Choosing the right Embedding model is a crucial step when building a RAG system, here are my key factors and suggestions to consider when choosing an Embedding model for your reference:
Define application scenarios
First, the specific application scenarios and requirements of the RAG system need to be clarified. For example, is it dealing with text data, image data or multimodal data? Different data types may require different Embedding models. For example, for text data, you can refer to HuggingFace's MTEB (Massive Text Embedding Benchmark: a collection of evaluation metrics for measuring text embedding models) leaderboards to choose a suitable model, or go to the domestic Magic Matching community to look at the leaderboards.
Generic vs. domain-specific requirements
Second, choose a model based on the generality or specificity of the task. If the task you want to realize is more general and does not involve too much domain expertise, you can choose a generic Embedding model; if the task involves a specific domain (e.g., law, healthcare, etc., education, finance, etc.), you need to choose a model that is more suitable for that domain.
multilingualism
If the content of the knowledge base exists in your system and you need to support multiple languages, you can choose multilingual Embedding models, such as BAAI/bge-M3, bce_embedding (Chinese-English), etc., which perform better in a multilingual environment. If your knowledge base contains mainly Chinese data, you can choose models such as iic/nlp_gte_sentence-embedding_chinese-base etc. The effect will be better.
Performance Evaluation
Check out benchmarking frameworks such as MTEB Leaderboards to evaluate the performance of different models. These leaderboards cover multiple languages and task types, and can help you find the model that performs best on a particular task. Next, you need to consider the size and resource constraints of the model. Larger models may provide higher performance, but they also increase computational costs and memory requirements. In addition, larger embedding dimensions usually provide richer semantic information, but may also lead to higher computational costs. Therefore, one needs to weigh the choice based on actual hardware resources and performance requirements.

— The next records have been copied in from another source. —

Lemma poly_fun_exp_decay P : poly_fun P -> forall k eps, 0 < eps ->
  exists M, 0 < M /\ forall y, M <= y -> Rabs (y ^ k * P y) * exp (- y) <= eps.
Proof.
  assert (Hscal : forall c (Q : R -> R) k eps, 0 < eps ->
    (forall eps', 0 < eps' ->
       exists M, 0 < M /\ forall y, M <= y -> Rabs (y ^ k * Q y) * exp (- y) <= eps') ->
    exists M, 0 < M /\ forall y, M <= y -> Rabs (y ^ k * (c * Q y)) * exp (- y) <= eps).
  { intros c Q k eps Heps HQ.
    assert (Hc : 0 < Rabs c + 1) by (generalize (Rabs_pos c); lra).
    destruct (HQ (eps / (Rabs c + 1))) as [M [HM HMy]]; [now apply Rdiv_lt_0_compat|].
    exists M. split; [exact HM|]. intros y Hy.
    replace (y ^ k * (c * Q y)) with (c * (y ^ k * Q y)) by ring.
    rewrite Rabs_mult, Rmult_assoc.
    apply Rle_trans with (Rabs c * (eps / (Rabs c + 1))).
    - apply Rmult_le_compat_l; [apply Rabs_pos | exact (HMy y Hy)].
    - apply Rmult_le_reg_r with (Rabs c + 1); [exact Hc|].
      replace (Rabs c * (eps / (Rabs c + 1)) * (Rabs c + 1)) with (Rabs c * eps) by (field; lra).
      generalize (Rabs_pos c); nra. }
  induction 1 as [c | P Q _ IHP _ IHQ | c P _ IHP | P _ IHP]; intros k eps Heps.
  - destruct (Hscal c (fun _ => 1) k eps Heps) as [M [HM HMy]].
    + intros eps' Heps'. destruct (exp_dominates_pow k eps' Heps') as [M [HM HMy]].
      exists M. split; [exact HM|]. intros y Hy.
      rewrite Rmult_1_r, Rabs_pos_eq by (apply pow_le; lra). exact (HMy y Hy).
    + exists M. split; [exact HM|]. intros y Hy. specialize (HMy y Hy).
      rewrite Rmult_1_r in HMy. exact HMy.
  - destruct (IHP k (eps / 2)) as [M1 [HM1 H1]]; [lra|].
    destruct (IHQ k (eps / 2)) as [M2 [HM2 H2]]; [lra|].
    exists (Rmax M1 M2). split; [apply Rlt_le_trans with M1; [exact HM1 | apply Rmax_l]|].
    intros y Hy.
    specialize (H1 y (Rle_trans _ _ _ (Rmax_l _ _) Hy)). specialize (H2 y (Rle_trans _ _ _ (Rmax_r _ _) Hy)).
    assert (Hexp : 0 < exp (- y)) by apply exp_pos.
    replace (y ^ k * (P y + Q y)) with (y ^ k * P y + y ^ k * Q y) by ring.
    apply Rle_trans with ((Rabs (y ^ k * P y) + Rabs (y ^ k * Q y)) * exp (- y)); [|lra].
    apply Rmult_le_compat_r; [lra | apply Rabs_triang].
  - exact (Hscal c P k eps Heps (IHP k)).
  - destruct (IHP (S k) eps Heps) as [M [HM HMy]]. exists M. split; [exact HM|].
    intros y Hy. replace (y ^ k * (y * P y)) with (y ^ S k * P y) by (simpl; ring). auto.
Qed.

Definition exp_inv_poly (P : R -> R) (x : R) : R :=
  if Rlt_dec 0 x then P (/ x) * exp (- / x) else 0.

Definition exp_inv_poly_dpoly (P P' : R -> R) (y : R) : R := y * (y * (P y + -1 * P' y)).

Lemma poly_fun_exp_inv_poly_dpoly P P' : poly_fun P -> poly_fun P' -> poly_fun (exp_inv_poly_dpoly P P').
Proof. intros HP HP'. do 2 apply poly_fun_mulx. now apply poly_fun_plus, poly_fun_scal. Qed.

Lemma is_derive_exp_inv_poly (P P' : R -> R) : poly_fun P -> (forall y, is_derive P y (P' y)) ->
  forall x : R, is_derive (exp_inv_poly P) x (exp_inv_poly (exp_inv_poly_dpoly P P') x).
Proof.
  intros HP DP x. destruct (Rlt_dec 0 x) as [Hx | Hx].
  - apply (is_derive_ext_loc (fun x => P (/ x) * exp (- / x)) (exp_inv_poly P)).
    { apply (locally_interval _ x 0 p_infty Hx I). intros y Hy _. unfold exp_inv_poly.
      destruct (Rlt_dec 0 y); [reflexivity | simpl in Hy; lra]. }
    unfold exp_inv_poly, exp_inv_poly_dpoly. destruct (Rlt_dec 0 x); [|lra].
    auto_derive; [repeat split; [eexists; apply DP | lra | lra] |].
    replace (Derive (fun x : R => P x) (/ x)) with (P' (/ x)) by (symmetry; apply is_derive_unique, DP).
    field. lra.
  - destruct (Rlt_dec x 0) as [Hx' | Hx'].
    + apply is_derive_ext_loc with (f := fun _ => 0).
      { apply (locally_interval _ x m_infty 0 I Hx'). intros y _ Hy. unfold exp_inv_poly.
        destruct (Rlt_dec 0 y); [simpl in Hy; lra | reflexivity]. }
      unfold exp_inv_poly. destruct (Rlt_dec 0 x); [lra|]. apply (is_derive_const 0).
    + assert (x = 0) by lra. subst x.
      unfold exp_inv_poly at 2. destruct (Rlt_dec 0 0); [lra|].
      apply is_derive_Reals. intros eps Heps.
      destruct (poly_fun_exp_decay P HP 1 (eps / 2)) as [M [HM HMy]]; [lra|].
      exists (mkposreal (/ M) (Rinv_0_lt_compat _ HM)). simpl. intros h Hh0 Hh.
      rewrite Rplus_0_l. unfold exp_inv_poly. destruct (Rlt_dec 0 0); [lra|].
      destruct (Rlt_dec 0 h) as [Hhp | Hhn].
      * rewrite Rabs_pos_eq in Hh by lra.
        assert (HMh : M <= / h).
        { rewrite <- (Rinv_inv M). apply Rinv_le_contravar; lra. }
        specialize (HMy (/ h) HMh). simpl in HMy. rewrite Rmult_1_r in HMy.
        replace ((P (/ h) * exp (- / h) - 0) / h - 0) with (/ h * P (/ h) * exp (- / h)) by (field; lra).
        rewrite Rabs_mult, (Rabs_pos_eq (exp _)) by (apply Rlt_le, exp_pos). lra.
      * replace ((0 - 0) / h - 0) with 0 by (field; auto). rewrite Rabs_R0. lra.
Qed.
(* For every MSSP instance there exists an optimal autonomous profile, i.e. $\pi^*\in\Pi$ with $\mathbb{E}_{\pi^*}[\textit{MHit}]=\inf_{\pi\in\Pi}\mathbb{E}_\pi[\textit{MHit}]$, and for every $n\ge1$ there exists a $\Pi_n$-optimal profile, i.e. $\pi^*\in\Pi_n$ with $\mathbb{E}_{\pi^*}[\textit{MHit}]=\inf_{\pi\in\Pi_n}\mathbb{E}_\pi[\textit{MHit}]$.
   Context: An MDP is a triple $M=(S,\textit{Act},P)$ with finite sets $S$, $\textit{Act}$ and $P:S\times\textit{Act}\times S\to[0,1]$ such that for each $s$ the set $\textit{En}(s)$ of enabled actions (those $a$ with $\sum_t P(s,a,t)=1$) is nonempty. An MSSP instance consists of an MDP $M$, a number $k\ge1$ of agents, and for each agent $i$ an initial state $\iota_i\in S$ and target set $T_i\subseteq S$ with $\iota_i\notin T_i\neq\emptyset$. In the autonomous setting each agent $i$ uses its own strategy $\sigma_i$ in $M$ which depends only on agent $i$'s own history (not on the other agents); the strategy is given by a set $\mathit{Mem}_i$ of memory states, a (randomized) initial memory, a randomized rule choosing an enabled action from the current state and memory state, and a randomized rule updating the memory state; agents evolve independently, agent $i$ starting in $\iota_i$. A tuple $\pi=(\sigma_1,\dots,\sigma_k)$ is an (autonomous) profile; $\Pi$ is the class of all autonomous profiles and, for $n\ge1$, $\Pi_n$ is the class of profiles in which every $\mathit{Mem}_i$ has at most $n$ elements ($\Pi_1$ = memoryless profiles). $\textit{MHit}$ is the first time step at which some agent $i$ is in a state of $T_i$ ($\infty$ if never), and $\mathbb{E}_\pi[\textit{MHit}]$ is its expectation under $\pi$. *)

From HB Require Import structures.
From mathcomp Require Import all_boot all_order all_algebra.
From mathcomp Require Import all_classical all_reals all_analysis.
Set Implicit Arguments. Unset Strict Implicit. Unset Printing Implicit Defensive.
Import Order.TTheory GRing.Theory Num.Theory.
Local Open Scope ring_scope.
Local Open Scope classical_set_scope.

Section MSSP.
Variables (R : realType) (S Act : finType).

Definition enabled (P : S -> Act -> S -> R) (s : S) (a : Act) : Prop :=
  \sum_(t : S) P s a t = 1.

Definition is_MDP (P : S -> Act -> S -> R) : Prop :=
  (forall s a t, 0 <= P s a t <= 1) /\ (forall s, exists a, enabled P s a).

(* A (randomized, memory-based) strategy with memory set Mem:
   - init m        : probability that the initial memory state is m
   - act s m a     : probability of choosing action a in state s with memory m
   - upd m s a s' m' : probability that the memory becomes m' after a step
                       from s with memory m, action a, to successor state s'. *)
Record strategy (Mem : choiceType) := Strategy {
  st_init : Mem -> R;
  st_act : S -> Mem -> Act -> R;
  st_upd : Mem -> S -> Act -> S -> Mem -> R }.

Definition is_distr (T : choiceType) (d : T -> R) : Prop :=
  (forall x, 0 <= d x) /\ (\esum_(x in [set: T]) (d x)%:E = 1%E).

Definition valid_strategy (P : S -> Act -> S -> R) (Mem : choiceType)
    (sg : strategy Mem) : Prop :=
  is_distr (st_init sg) /\
  (forall s m, (forall a, 0 <= st_act sg s m a) /\ \sum_(a : Act) st_act sg s m a = 1
               /\ (forall a, 0 < st_act sg s m a -> enabled P s a)) /\
  (forall m s a s', is_distr (st_upd sg m s a s')).

(* reach P sg iota T t s m = probability that at time t the agent (started in
   iota, using sg) is in state s with memory m and has not visited T at any
   time step < t. *)
Fixpoint reach (P : S -> Act -> S -> R) (Mem : choiceType) (sg : strategy Mem)
    (iota : S) (T : {set S}) (t : nat) : S -> Mem -> \bar R :=
  match t with
  | 0 => fun s m => if s == iota then (st_init sg m)%:E else 0%E
  | t'.+1 => fun s' m' =>
      (\sum_(s : S | s \notin T) \sum_(a : Act)
         \esum_(m in [set: Mem])
           (reach P sg iota T t' s m *
            (st_act sg s m a * P s a s' * st_upd sg m s a s' m')%:E))%E
  end.

(* Probability that the agent has not visited T at any time <= t,
   i.e. P(Hit > t). *)
Definition survive (P : S -> Act -> S -> R) (Mem : choiceType) (sg : strategy Mem)
    (iota : S) (T : {set S}) (t : nat) : \bar R :=
  (\sum_(s : S | s \notin T) \esum_(m in [set: Mem]) reach P sg iota T t s m)%E.

(* Expected value of MHit = min_i Hit_i for independently evolving agents:
   E[MHit] = sum_{t>=0} P(MHit > t) = sum_{t>=0} prod_i P(Hit_i > t). *)
Definition EMHit (P : S -> Act -> S -> R) (k : nat) (iota : 'I_k -> S)
    (T : 'I_k -> {set S}) (Mem : 'I_k -> choiceType)
    (pi : forall i, strategy (Mem i)) : \bar R :=
  (\sum_(t <oo) \prod_(i < k) survive P (pi i) (iota i) (T i) t)%E.

Definition values_Pi (P : S -> Act -> S -> R) (k : nat) (iota : 'I_k -> S)
    (T : 'I_k -> {set S}) : set (\bar R) :=
  [set x | exists (Mem : 'I_k -> choiceType) (pi : forall i, strategy (Mem i)),
     (forall i, valid_strategy P (pi i)) /\ x = EMHit P iota T pi].

Definition values_Pin (P : S -> Act -> S -> R) (k : nat) (iota : 'I_k -> S)
    (T : 'I_k -> {set S}) (n : nat) : set (\bar R) :=
  [set x | exists (Mem : 'I_k -> finType) (pi : forall i, strategy (Mem i)),
     (forall i, #|Mem i| <= n)%N /\
     (forall i, valid_strategy P (pi i)) /\ x = EMHit P iota T pi].

End MSSP.

(* The expected hitting time E[MHit] = sum_t prod_i P(Hit_i > t) is minimised over a compact
   parameter space on which it is lower semicontinuous. For Pi_n, a profile whose memory sets
   have at most n elements can be relabelled to use the memory 'I_n, so profiles become points
   of a product of unit intervals and the valid ones form a closed set. For Pi, a strategy is
   replaced by its occupation measure, the probability of every finite history followed by
   every action; these measures are cut out by closed linear constraints in a product of unit
   intervals, and each of them is realised by a strategy that remembers the whole history. In
   both cases every P(Hit_i > t) is a polynomial in the parameters, so E[MHit] is a series of
   nonnegative continuous functions, hence lower semicontinuous, and it attains its infimum on
   the nonempty parameter space, which is compact by Tychonoff's theorem. *)

From HB Require Import structures.
From mathcomp Require Import all_boot all_order all_algebra.
From mathcomp Require Import all_classical all_reals all_analysis.
Set Implicit Arguments. Unset Strict Implicit. Unset Printing Implicit Defensive.
Import Order.TTheory GRing.Theory Num.Theory.
Import numFieldNormedType.Exports.
Local Open Scope ring_scope.
Local Open Scope classical_set_scope.

(** * Continuity, closed sets and attained infima *)

Section continuous_big.
Context {R : realType} {X : topologicalType}.

Lemma continuous_sum (J : Type) (r : seq J) (Pj : pred J) (F : J -> X -> R) :
  (forall j, continuous (F j)) -> continuous (fun x => \sum_(j <- r | Pj j) F j x).
Proof.
by move=> cF; apply: (@continuous_big R^o) => [|j _]; [exact: add_continuous|exact: cF].
Qed.

Lemma continuous_prod (J : Type) (r : seq J) (Pj : pred J) (F : J -> X -> R) :
  (forall j, continuous (F j)) -> continuous (fun x => \prod_(j <- r | Pj j) F j x).
Proof.
move=> cF; apply: (@continuous_big R^o) => [|j _]; last exact: cF.
exact: (@scale_continuous R R^o).
Qed.

Lemma continuous_mul (f g : X -> R) :
  continuous f -> continuous g -> continuous (fun x => f x * g x).
Proof. by move=> cf cg x; exact: (@continuousM R X f g x (cf x) (cg x)). Qed.

End continuous_big.

Section closed_sets.
Context {X : topologicalType}.

Lemma closed_forall (J : Type) (Q : J -> set X) :
  (forall j, closed (Q j)) -> closed [set x | forall j, Q j x].
Proof.
move=> cQ; have -> : [set x | forall j, Q j x] = \bigcap_(j in [set: J]) Q j.
  by apply/seteqP; split => x /= Qx j //; exact: Qx.
exact: closed_bigI.
Qed.

Lemma closed_implies (A : Prop) (Q : set X) : closed Q -> closed [set x | A -> Q x].
Proof.
have [a cQ|nA _] := pselect A.
  suff -> : [set x | A -> Q x] = Q by [].
  by apply/seteqP; split => x /= Qx //; exact: Qx.
suff -> : [set x | A -> Q x] = setT by exact: closedT.
by apply/seteqP; split => // x _ /nA.
Qed.

Context {R : realType}.

Lemma closed_eq_fun (f g : X -> R) :
  continuous f -> continuous g -> closed [set x | f x = g x].
Proof.
move=> cf cg; have -> : [set x | f x = g x] = (fun x => f x - g x) @^-1` [set y | y = 0].
  by apply/seteqP; split=> x /= => [->|/eqP]; [rewrite subrr|rewrite subr_eq0 => /eqP].
apply: (continuous_closedP _).1 _ _ (@closed_eq _ 0) => x.
exact: (@continuousB _ R^o _ _ _ x (cf x) (cg x)).
Qed.

Lemma closed_le_fun (f g : X -> R) :
  continuous f -> continuous g -> closed [set x | f x <= g x].
Proof.
move=> cf cg; have -> : [set x | f x <= g x] = (fun x => g x - f x) @^-1` [set y | 0 <= y].
  by apply/seteqP; split=> x /=; rewrite subr_ge0.
apply: (continuous_closedP _).1 _ _ (@closed_ge _ 0) => x.
exact: (@continuousB _ R^o _ _ _ x (cg x) (cf x)).
Qed.

End closed_sets.

Lemma compact_unit_box {R : realType} (I : eqType) (K : set {ptws I -> R}) :
  closed K -> (forall x, K x -> forall i, 0 <= x i <= 1) -> compact K.
Proof.
move=> cK K01; apply: (subclosed_compact (A := K)
  (B := [set x : {ptws I -> R} | forall i, `[(0:R), 1]%classic (x i)]) cK).
  exact: (@tychonoff I (fun _ => R) _ (fun _ => @segment_compact R 0 1)).
by move=> x Kx i; rewrite /= in_itv /=; exact: K01.
Qed.

Section attains_inf.
Context {R : realType} {X : topologicalType}.
Local Open Scope ereal_scope.

Lemma lte_dense_fin (x y : \bar R) : x < y -> exists2 r : R, x < r%:E & r%:E < y.
Proof.
case: x => [x||]; case: y => [y||] //= xy.
- by exists ((x + y) / 2)%R; rewrite lte_fin ?midf_lt // -lte_fin.
- by exists (x + 1)%R; rewrite ?ltry // lte_fin ltrDl.
- by exists (y - 1)%R; rewrite ?ltNyr // lte_fin ltrBlDr ltrDl.
- by exists 0%R; rewrite ?ltry ?ltNyr.
Qed.
(* For the Diverse Population-Based EA on the weighted vertex cover problem with $n$ vertices, the search point $0^n$ is included in the population in expected time $O(n^2\log n)$.
   Context: Weighted vertex cover: $G=(V,E)$, $V=\{v_1,\dots,v_n\}$, $w:V\to\mathbb{N}^+$. Search points $x\in\{0,1\}^n$; $|x|_1$ is the number of ones. $Cost(x)=\sum_i w(v_i)x_i$; $G(x)=(V(x),E(x))$ with $V(x)=V\setminus\{v_i:x_i=1\}$, $E(x)$ = edges with no selected endpoint; $LP(x)$ = optimal value of: minimize $\sum_{v_i\in V(x)}w(v_i)y_i$ s.t. $y_i+y_j\ge1$ for $\{v_i,v_j\}\in E(x)$, $0\le y_i\le1$. Alternative mutation operator on $x$: choose $b\in\{0,1\}$ uniformly; if $b=1$, flip each $x_i$ with probability $1/2$ if $v_i$ is incident to an edge of $E(x)$ and with probability $1/n$ otherwise; if $b=0$, flip each bit independently with probability $1/n$. Diverse Population-Based EA: start with uniformly random $x$, $P=\{x\}$. Each iteration: choose $x\in P$ uniformly; create $x'$ by the alternative mutation operator; add $x'$ to $P$; let $P'=\{y\in P:|y|_1=|x'|_1\}$; let $y_{min_1}\in P'$ minimize $Cost(z)+LP(z)$ and $y_{min_2}\in P'$ minimize $Cost(z)+2LP(z)$ over $P'$; set $P\leftarrow(P\setminus P')\cup\{y_{min_1},y_{min_2}\}$. Time = number of iterations. *)

From HB Require Import structures.
From mathcomp Require Import all_boot all_order all_algebra.
From mathcomp Require Import reals exp.
Set Implicit Arguments. Unset Strict Implicit. Unset Printing Implicit Defensive.
Import Order.TTheory GRing.Theory Num.Theory.
Local Open Scope ring_scope.

Section DiverseEA.
Context {R : realType} (n : nat).

Definition point := {ffun 'I_n -> bool}.
Definition pop := {set point}.

Definition zero_point : point := [ffun _ => false].

Definition ones (x : point) : nat := #|[set i | x i]|.

Context (e : rel 'I_n) (w : 'I_n -> nat).

Definition cost (x : point) : R := \sum_(i < n) ((w i)%:R * (x i)%:R).

Definition inVx (x : point) (i : 'I_n) : bool := ~~ x i.
Definition inEx (x : point) (i j : 'I_n) : bool := [&& e i j, ~~ x i & ~~ x j].

(* feasible solutions of the LP relaxation of G(x) (coordinates indexed by V(x);
   values outside V(x) are irrelevant) *)
Definition lp_feasible (x : point) (y : 'I_n -> R) : Prop :=
  (forall i, inVx x i -> 0 <= y i <= 1) /\
  (forall i j, inEx x i j -> 1 <= y i + y j).

Definition lp_values (x : point) : classical_sets.set R :=
  fun c => exists y : 'I_n -> R, lp_feasible x y /\
           c = \sum_(i < n | inVx x i) (w i)%:R * y i.

Definition LP (x : point) : R := inf (lp_values x).

Definition f1 (x : point) : R := cost x + LP x.
Definition f2 (x : point) : R := cost x + 2 * LP x.

Definition incident (x : point) (i : 'I_n) : bool :=
  [exists j, inEx x i j || inEx x j i].

Definition flip_prob (p : 'I_n -> R) (x x' : point) : R :=
  \prod_(i < n) (if x i != x' i then p i else 1 - p i).

Definition mut_prob (x x' : point) : R :=
  2^-1 * flip_prob (fun i => if incident x i then 2^-1 else (n%:R)^-1) x x'
  + 2^-1 * flip_prob (fun _ => (n%:R)^-1) x x'.

Definition argmin_selector (f : point -> R) (sel : pop -> point) : Prop :=
  forall S : pop, (0 < #|S|)%N -> sel S \in S /\ (forall z, z \in S -> f (sel S) <= f z).

Context (sel1 sel2 : pop -> point).

Definition update (P : pop) (x' : point) : pop :=
  let P1 := x' |: P in
  let P' := [set y in P1 | ones y == ones x'] in
  (P1 :\: P') :|: [set sel1 P'; sel2 P'].

Definition trans (P P2 : pop) : R :=
  \sum_(x in P) (#|P|%:R)^-1 *
    \sum_(x' : point) mut_prob x x' * (update P x' == P2)%:R.

Definition init_dist (P : pop) : R :=
  \sum_(x : point) ((2 ^ n)%:R)^-1 * (P == [set x])%:R.

(* surv t P = Pr[P_t = P and 0^n not in P_0, ..., P_t] *)
Fixpoint surv (t : nat) (P : pop) : R :=
  match t with
  | 0 => if zero_point \in P then 0 else init_dist P
  | t'.+1 => if zero_point \in P then 0 else
             \sum_(Q : pop) surv t' Q * trans Q P
  end.

(* Pr[T > t], where T = first iteration at which 0^n is in the population *)
Definition tail_prob (t : nat) : R := \sum_(P : pop) surv t P.

(* E[T] = sum_{t >= 0} Pr[T > t]; partial sums *)
Definition expected_time_partial (N : nat) : R := \sum_(t < N) tail_prob t.

End DiverseEA.

Definition simple_graph (n : nat) (e : rel 'I_n) : Prop :=
  symmetric e /\ irreflexive e.

(** Additive drift.  Let [m(P)] be the least number of ones in a population [P]
and use the potential [c * h(m(P))] with [h 0 = 0], [h k = 1 + ln k] and
[c = 4 e n (n + 1)].  An iteration never increases [m]: the offspring's level
keeps a representative after selection, and the other levels are untouched.
Selection also keeps at most two points per level, so [|P| <= 2 (n + 1)].
Choosing a point with [m] ones (probability at least [1 / (2 (n + 1))]) and
flipping exactly one of its [m] one-bits with the standard-bit-mutation half of
the operator (probability at least [m / (2 e n)]) reaches level [m - 1], and
[h m - h (m - 1) >= 1 / m].  Hence the expected potential drops by at least [1]
per iteration while [0^n] is missing, and the expected hitting time is at most
the initial potential [c (1 + ln n) = O(n^2 log n)]. *)

From HB Require Import structures.
From mathcomp Require Import all_boot all_order all_algebra.
From mathcomp Require Import reals exp sequences.
From mathcomp Require Import lra ring.
Import Order.TTheory GRing.Theory Num.Theory.
Local Open Scope ring_scope.
Set Implicit Arguments. Unset Strict Implicit. Unset Printing Implicit Defensive.

Lemma ler_sum_inj (R : numDomainType) (I J : finType) (A : {pred I}) (f : I -> J)
    (F : J -> R) :
  injective f -> (forall j, 0 <= F j) -> \sum_(i in A) F (f i) <= \sum_j F j.
Proof.
move=> f_inj F_ge0; rewrite -(big_imset _ (in2W f_inj)) /=.
by rewrite [leRHS](bigID (mem (f @: A))) /= lerDl sumr_ge0.
Qed.

Lemma le_ln_sub (R : realType) (a b : R) : 0 < a -> 0 < b -> 1 - a / b <= ln b - ln a.
Proof.
move=> a0 b0; have ab_gtN1 : -1 < a / b - 1 by have := divr_gt0 a0 b0; lra.
have := le_ln1Dx ab_gtN1; rewrite [1 + _]addrC subrK ln_div ?posrE //; lra.
Qed.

Practical testing and validation
Finally, if possible, you can select 2-3 models for effect comparison, test and validate the performance of the selected models in real business scenarios, observe metrics such as accuracy and recall to evaluate the performance of the models on specific datasets, and make adjustments based on the results.
Embedding model recommendation
The following are 5 mainstream Embedding models, recommended for building RAG systems for reference:
BGE Embedding: Developed by Wisdom Source Research Institute, it supports multiple languages and offers several versions, including the highly efficient reranker. the model is open source and loosely licensed, and is suitable for tasks such as retrieval, classification, and clustering.
GTE Embedding: launched by Alibaba Dharma Institute, based on the BERT framework, it is applicable to scenarios such as information retrieval and semantic similarity judgment with excellent performance.
Jina Embedding: built by Jina AI's Finetuner team, trained on the Linnaeus-Clean dataset, it is suitable for information retrieval and semantic similarity judgment with outstanding performance.
Conan-Embedding: this is an Embedding model optimized for Chinese, which reaches the SOTA (State-of-the-Art) level on C-MTEB, and is especially suitable for RAG systems that require high-precision Chinese semantic representation.
text-embedding-ada-002: Developed by the Xenova team, it is compatible with the Hugging Face library and provides high-quality text vector representations for a wide range of NLP tasks.
Of course, there are also Sentence-BERT, E5-embedding, Instructor and so on, the performance of these models in different scenarios will be a little different, according to your specific needs and the considerations I listed above, you can choose the right model to build your own RAG system.